All lines below containing "last" are to be listed.

• Material provided:

Content starts

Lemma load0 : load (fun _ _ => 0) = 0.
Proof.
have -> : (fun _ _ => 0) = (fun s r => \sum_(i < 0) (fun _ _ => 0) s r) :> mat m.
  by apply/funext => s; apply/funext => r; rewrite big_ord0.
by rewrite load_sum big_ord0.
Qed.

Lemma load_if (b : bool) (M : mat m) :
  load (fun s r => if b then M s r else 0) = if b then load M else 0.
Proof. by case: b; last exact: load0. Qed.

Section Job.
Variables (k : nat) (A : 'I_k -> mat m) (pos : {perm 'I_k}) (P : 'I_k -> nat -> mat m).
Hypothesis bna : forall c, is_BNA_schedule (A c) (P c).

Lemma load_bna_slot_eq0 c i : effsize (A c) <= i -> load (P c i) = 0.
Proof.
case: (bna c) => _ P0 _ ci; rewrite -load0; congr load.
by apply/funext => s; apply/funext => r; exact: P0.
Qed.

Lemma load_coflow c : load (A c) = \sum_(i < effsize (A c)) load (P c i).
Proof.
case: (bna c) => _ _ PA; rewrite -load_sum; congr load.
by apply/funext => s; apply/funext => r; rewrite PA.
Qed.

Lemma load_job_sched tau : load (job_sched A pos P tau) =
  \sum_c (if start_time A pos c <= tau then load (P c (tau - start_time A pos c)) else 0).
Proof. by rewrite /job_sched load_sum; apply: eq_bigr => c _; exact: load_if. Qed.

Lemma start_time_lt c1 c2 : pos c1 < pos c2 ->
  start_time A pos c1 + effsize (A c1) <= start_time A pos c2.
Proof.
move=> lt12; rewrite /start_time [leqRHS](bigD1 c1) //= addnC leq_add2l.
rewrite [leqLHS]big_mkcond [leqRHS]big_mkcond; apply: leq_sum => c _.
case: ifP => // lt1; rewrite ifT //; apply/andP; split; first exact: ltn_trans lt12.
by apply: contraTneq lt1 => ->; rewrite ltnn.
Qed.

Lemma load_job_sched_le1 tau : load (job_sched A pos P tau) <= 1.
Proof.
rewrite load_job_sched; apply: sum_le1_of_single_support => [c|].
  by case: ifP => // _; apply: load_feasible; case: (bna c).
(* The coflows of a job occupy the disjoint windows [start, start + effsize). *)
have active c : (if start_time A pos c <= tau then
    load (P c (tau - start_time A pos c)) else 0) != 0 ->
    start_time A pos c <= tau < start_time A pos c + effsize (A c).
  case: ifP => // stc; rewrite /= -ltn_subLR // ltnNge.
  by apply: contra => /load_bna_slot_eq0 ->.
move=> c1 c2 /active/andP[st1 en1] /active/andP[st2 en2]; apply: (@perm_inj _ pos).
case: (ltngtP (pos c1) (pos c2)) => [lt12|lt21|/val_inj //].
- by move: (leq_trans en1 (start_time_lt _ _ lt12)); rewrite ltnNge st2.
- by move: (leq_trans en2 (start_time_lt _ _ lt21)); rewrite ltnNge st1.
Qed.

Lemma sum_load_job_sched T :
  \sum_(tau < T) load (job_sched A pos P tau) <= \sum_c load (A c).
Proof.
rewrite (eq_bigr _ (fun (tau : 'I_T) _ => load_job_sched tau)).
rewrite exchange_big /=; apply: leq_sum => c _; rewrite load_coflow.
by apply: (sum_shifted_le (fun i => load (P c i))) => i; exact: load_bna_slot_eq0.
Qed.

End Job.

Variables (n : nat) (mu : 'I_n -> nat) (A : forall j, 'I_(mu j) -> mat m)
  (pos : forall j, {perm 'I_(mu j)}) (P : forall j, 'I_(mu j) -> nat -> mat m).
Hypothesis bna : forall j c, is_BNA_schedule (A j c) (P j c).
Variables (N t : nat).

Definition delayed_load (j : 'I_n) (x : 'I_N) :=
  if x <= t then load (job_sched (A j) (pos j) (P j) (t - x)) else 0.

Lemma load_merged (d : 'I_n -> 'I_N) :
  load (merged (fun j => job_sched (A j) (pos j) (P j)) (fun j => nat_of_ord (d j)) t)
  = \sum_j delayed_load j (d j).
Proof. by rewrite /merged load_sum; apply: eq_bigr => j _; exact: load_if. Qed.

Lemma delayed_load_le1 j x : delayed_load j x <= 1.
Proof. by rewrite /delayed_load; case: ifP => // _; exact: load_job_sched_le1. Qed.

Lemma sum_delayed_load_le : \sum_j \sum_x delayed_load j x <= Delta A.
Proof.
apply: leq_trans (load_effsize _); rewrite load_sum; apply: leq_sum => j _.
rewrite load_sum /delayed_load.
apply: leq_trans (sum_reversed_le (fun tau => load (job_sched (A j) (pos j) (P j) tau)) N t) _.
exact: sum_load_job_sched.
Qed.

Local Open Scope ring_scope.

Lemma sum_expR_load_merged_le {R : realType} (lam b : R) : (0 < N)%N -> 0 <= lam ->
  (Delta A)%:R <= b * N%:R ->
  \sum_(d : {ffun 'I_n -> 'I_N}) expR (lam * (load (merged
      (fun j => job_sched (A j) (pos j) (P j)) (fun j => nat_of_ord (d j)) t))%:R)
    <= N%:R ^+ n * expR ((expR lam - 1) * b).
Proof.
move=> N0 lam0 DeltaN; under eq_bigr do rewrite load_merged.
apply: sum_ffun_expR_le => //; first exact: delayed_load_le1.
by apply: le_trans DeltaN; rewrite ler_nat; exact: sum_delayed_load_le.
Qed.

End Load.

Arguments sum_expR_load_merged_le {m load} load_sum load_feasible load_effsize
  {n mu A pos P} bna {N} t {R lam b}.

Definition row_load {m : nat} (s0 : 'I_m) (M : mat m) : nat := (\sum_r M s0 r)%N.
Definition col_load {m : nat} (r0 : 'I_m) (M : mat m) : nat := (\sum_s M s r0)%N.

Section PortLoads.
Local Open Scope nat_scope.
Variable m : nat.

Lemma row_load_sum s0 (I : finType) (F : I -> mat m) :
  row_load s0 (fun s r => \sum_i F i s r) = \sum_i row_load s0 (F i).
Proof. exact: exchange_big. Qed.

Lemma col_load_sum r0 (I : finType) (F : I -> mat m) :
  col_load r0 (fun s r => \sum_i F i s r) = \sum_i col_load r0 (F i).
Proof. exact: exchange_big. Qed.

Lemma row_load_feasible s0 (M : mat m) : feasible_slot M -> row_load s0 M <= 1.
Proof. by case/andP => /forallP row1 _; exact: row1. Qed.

Content ends
Content starts

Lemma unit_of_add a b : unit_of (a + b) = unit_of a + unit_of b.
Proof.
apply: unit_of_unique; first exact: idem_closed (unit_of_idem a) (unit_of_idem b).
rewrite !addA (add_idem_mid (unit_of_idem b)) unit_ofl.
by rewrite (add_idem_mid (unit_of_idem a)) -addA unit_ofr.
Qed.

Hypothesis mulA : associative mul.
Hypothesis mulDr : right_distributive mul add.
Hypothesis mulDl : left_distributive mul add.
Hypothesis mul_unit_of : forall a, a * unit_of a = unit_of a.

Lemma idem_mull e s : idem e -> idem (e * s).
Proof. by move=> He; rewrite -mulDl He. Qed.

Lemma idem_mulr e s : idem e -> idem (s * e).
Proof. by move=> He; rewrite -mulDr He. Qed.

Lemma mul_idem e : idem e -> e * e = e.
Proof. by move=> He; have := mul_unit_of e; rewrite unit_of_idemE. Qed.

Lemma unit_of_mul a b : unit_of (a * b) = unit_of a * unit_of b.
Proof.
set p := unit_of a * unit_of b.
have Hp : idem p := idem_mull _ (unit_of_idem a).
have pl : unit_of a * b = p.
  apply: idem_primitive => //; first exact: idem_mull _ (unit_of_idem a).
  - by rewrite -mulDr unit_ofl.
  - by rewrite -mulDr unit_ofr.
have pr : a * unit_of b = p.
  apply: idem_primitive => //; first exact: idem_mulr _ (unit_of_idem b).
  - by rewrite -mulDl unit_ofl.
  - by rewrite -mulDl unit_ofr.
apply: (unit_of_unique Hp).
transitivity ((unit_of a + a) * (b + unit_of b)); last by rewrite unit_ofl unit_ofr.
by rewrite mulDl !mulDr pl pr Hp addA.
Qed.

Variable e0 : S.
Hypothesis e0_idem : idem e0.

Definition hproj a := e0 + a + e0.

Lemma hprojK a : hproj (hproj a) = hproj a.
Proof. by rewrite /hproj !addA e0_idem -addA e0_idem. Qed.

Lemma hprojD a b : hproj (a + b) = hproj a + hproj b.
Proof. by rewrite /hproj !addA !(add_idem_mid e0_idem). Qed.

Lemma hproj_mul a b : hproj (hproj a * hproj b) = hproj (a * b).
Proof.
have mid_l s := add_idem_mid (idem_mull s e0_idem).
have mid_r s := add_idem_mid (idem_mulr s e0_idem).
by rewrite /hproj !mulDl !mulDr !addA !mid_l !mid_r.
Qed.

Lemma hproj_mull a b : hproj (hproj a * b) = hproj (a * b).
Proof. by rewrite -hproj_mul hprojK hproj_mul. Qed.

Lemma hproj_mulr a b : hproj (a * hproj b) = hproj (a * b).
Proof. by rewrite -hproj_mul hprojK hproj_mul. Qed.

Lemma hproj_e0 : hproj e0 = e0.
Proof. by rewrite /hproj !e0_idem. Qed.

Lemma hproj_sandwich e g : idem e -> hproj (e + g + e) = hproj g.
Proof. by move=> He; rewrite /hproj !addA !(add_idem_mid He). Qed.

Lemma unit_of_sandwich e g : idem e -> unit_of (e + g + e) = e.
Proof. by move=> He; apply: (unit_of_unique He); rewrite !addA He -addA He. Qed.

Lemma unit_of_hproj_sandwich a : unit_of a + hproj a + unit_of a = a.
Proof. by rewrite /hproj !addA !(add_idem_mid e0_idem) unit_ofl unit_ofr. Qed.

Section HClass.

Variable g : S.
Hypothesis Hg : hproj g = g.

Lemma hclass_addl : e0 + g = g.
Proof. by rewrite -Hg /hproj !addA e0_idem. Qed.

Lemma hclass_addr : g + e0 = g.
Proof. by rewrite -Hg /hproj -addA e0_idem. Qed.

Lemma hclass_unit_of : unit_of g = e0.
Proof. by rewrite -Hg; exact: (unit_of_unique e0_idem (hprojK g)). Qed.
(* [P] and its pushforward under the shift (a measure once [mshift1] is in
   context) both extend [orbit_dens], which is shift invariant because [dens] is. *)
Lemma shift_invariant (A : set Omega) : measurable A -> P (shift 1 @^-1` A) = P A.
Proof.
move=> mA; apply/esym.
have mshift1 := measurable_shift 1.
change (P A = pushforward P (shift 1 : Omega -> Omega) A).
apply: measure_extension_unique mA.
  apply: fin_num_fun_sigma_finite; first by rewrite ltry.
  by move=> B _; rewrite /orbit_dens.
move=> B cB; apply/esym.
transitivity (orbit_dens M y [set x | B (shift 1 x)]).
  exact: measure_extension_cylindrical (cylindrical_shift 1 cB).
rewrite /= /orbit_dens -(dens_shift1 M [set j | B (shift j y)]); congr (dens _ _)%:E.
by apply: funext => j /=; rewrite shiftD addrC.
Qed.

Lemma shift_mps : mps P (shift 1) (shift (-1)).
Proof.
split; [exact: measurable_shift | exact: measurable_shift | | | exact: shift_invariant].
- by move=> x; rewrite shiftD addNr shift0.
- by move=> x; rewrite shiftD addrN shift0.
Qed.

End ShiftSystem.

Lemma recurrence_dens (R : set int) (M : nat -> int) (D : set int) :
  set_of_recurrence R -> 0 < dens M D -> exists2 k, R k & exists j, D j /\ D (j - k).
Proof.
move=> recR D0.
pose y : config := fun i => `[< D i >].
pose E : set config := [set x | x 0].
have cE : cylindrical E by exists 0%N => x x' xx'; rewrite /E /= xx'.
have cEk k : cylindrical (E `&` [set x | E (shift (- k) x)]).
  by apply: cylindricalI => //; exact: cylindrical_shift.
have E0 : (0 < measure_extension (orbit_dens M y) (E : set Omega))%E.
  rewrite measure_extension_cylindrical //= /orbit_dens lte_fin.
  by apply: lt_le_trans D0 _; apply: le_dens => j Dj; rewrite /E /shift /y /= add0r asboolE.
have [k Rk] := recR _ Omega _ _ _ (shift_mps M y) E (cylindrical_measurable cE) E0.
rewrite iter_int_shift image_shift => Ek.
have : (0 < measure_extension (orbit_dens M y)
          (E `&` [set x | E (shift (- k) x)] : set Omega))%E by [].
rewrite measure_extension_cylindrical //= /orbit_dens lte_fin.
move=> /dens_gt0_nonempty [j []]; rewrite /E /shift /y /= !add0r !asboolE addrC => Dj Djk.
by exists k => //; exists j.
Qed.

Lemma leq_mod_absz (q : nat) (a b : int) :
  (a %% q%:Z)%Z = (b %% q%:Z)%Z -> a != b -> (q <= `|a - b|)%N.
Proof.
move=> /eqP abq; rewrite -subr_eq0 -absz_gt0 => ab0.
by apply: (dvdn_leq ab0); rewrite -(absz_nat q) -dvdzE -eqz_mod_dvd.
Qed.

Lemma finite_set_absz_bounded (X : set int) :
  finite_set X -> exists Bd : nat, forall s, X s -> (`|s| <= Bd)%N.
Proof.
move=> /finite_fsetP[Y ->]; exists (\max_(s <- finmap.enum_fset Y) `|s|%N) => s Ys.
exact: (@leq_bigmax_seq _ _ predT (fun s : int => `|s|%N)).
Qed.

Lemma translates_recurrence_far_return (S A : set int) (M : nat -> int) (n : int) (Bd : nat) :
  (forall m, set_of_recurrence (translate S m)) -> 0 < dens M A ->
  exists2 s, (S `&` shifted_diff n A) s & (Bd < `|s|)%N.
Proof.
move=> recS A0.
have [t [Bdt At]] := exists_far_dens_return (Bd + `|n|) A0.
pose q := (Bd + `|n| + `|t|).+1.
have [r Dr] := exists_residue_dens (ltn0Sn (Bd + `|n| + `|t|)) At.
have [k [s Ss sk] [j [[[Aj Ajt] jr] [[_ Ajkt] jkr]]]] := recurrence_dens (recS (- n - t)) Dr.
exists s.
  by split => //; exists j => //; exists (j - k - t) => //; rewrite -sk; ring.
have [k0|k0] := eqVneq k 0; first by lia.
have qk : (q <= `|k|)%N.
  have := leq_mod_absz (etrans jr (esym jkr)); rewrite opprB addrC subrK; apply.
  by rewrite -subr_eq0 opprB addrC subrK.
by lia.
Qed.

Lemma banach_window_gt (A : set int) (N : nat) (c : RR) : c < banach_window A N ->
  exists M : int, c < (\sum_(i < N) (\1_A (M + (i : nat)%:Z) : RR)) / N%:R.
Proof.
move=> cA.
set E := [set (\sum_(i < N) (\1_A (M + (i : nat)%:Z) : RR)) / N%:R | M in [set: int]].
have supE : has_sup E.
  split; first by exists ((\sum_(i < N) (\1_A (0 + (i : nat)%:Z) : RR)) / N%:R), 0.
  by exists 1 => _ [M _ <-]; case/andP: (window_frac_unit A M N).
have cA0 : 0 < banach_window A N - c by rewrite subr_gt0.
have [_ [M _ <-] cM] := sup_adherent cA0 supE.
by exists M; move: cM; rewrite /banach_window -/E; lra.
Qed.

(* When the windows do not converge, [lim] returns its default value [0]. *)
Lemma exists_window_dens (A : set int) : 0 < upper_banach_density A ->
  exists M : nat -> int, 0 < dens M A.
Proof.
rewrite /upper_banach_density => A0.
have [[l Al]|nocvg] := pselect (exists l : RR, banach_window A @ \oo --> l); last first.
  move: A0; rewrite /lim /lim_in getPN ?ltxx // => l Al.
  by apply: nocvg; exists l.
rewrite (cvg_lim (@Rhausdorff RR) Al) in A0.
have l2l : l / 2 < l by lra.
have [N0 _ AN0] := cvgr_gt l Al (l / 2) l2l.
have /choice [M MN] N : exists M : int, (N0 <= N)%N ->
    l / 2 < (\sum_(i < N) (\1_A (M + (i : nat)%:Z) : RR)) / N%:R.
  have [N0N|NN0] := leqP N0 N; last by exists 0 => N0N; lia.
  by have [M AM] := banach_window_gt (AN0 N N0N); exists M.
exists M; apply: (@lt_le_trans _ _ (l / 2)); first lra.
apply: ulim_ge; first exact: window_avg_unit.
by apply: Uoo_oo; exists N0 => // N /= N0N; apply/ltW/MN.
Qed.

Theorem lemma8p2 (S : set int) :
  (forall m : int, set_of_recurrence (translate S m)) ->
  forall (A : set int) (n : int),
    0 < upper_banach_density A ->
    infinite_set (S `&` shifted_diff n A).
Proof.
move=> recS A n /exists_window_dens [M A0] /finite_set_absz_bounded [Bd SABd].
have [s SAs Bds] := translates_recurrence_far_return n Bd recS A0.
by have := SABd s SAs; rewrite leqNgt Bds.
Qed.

Content ends

• Response to this task:
Proof. by case: b; last exact: load0. Qed.
transitivity ((unit_of a + a) * (b + unit_of b)); last by rewrite unit_ofl unit_ofr.
have [[l Al]|nocvg] := pselect (exists l : RR, banach_window A @ \oo --> l); last first.
  have [N0N|NN0] := leqP N0 N; last by exists 0 => N0N; lia.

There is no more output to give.